Second, we measure the total tax take. This includes indirect taxes (such as VAT and Corporation Tax) as well as direct taxes (Income Tax and National Insurance). Economists distinguish between legal and economic incidences (a fancy economist word for ‘burden.’) The legal incidence of Corporation Tax may fall on individual firms, but corporations are artificial legal constructs. In reality, Corporation Tax is paid by people, the debate between economists is to what extent it falls between consumers, shareholders and workers. (Our paper Corporation Tax: Who Pays had a crack at the answer.)

Thirdly, we take into account depreciation and foreign investment earnings, as is standard around the world, measuring total taxes over net national income, not gross domestic product, so as to more closely approximate net wealth creation rather than economic activity. 

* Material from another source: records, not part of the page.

Lemma dX_val_spec x y : point K x -> point K y -> dX_is K x y (dX_val x y).
Proof.
  intros Px Py. unfold dX_val. destruct excluded_middle_informative as [H|H].
  - now destruct constructive_indefinite_description.
  - exfalso; apply H. apply glb_exists; [now apply path_exists|]. intros L; apply path_nonneg.
Qed.

Lemma dX_val_eq x y r : point K x -> point K y -> dX_is K x y r -> dX_val x y = r.
Proof. intros Px Py H. eapply glb_unique; [apply dX_val_spec|]; eauto. Qed.

Lemma dX_val_nonneg x y : point K x -> point K y -> 0 <= dX_val x y.
Proof.
  intros Px Py. destruct (dX_val_spec Px Py) as [_ H]. apply H.
  intros L HL; eapply path_nonneg; eauto.
Qed.

(* Each coordinate is 1-Lipschitz for d_X, so d_X separates points. *)
Lemma dX_val_zero x y : point K x -> point K y -> dX_val x y = 0 -> x = y.
Proof.
  intros Px Py E. apply functional_extensionality. intros u.
  assert (Osc : simplex_osc K (vtx u) 1).
  { intros s _ w w' _ _. unfold vtx.
    do 2 destruct excluded_middle_informative; lra. }
  pose proof (bary_dX_lip HK Rlt_0_1 Osc (dX_val_spec Px Py)) as Lip.
  rewrite E, Rmult_0_r, !(bary_vtx HK) in Lip by assumption.
  pose proof (Rabs_pos (x u - y u)).
  destruct (Req_dec (x u - y u) 0) as [E0|E0]; [lra|].
  apply Rabs_no_R0 in E0. lra.
Qed.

Fourth, tax receipts and net national income statistics are regularly revised by the Office of National Statistics and we revise past Tax Freedom Days along with them. Four years ago, the ONS made massive revisions to the net national income series. Irritatingly, as a result more reliable records now only go back to 1995.


Projections

The data for the most recent figures are not available up-to-date for calendar years so they are proxied from government and OBR forecasts and financial year numbers. They are then revised when exact numbers become available. This means the Tax Freedom Day for a given year in the past may well have changed. Typically the changes are very small, and the overall picture tends to be robust to these alterations. But over the past year, significant revisions to the net national income stats have pushed Tax Freedom Day back by around a week (we’re freer than we thought).

Tax Freedom Day (and its sister, Cost of Government day, which measures total spending over national income) is not meant as anything but an illustration—an indication of the size of the state. As the complexities details above suggest, it does not correspond exactly to any individual’s experience. And yet many people do find it shocking to see how large the state really is, expressed in an intuitive way.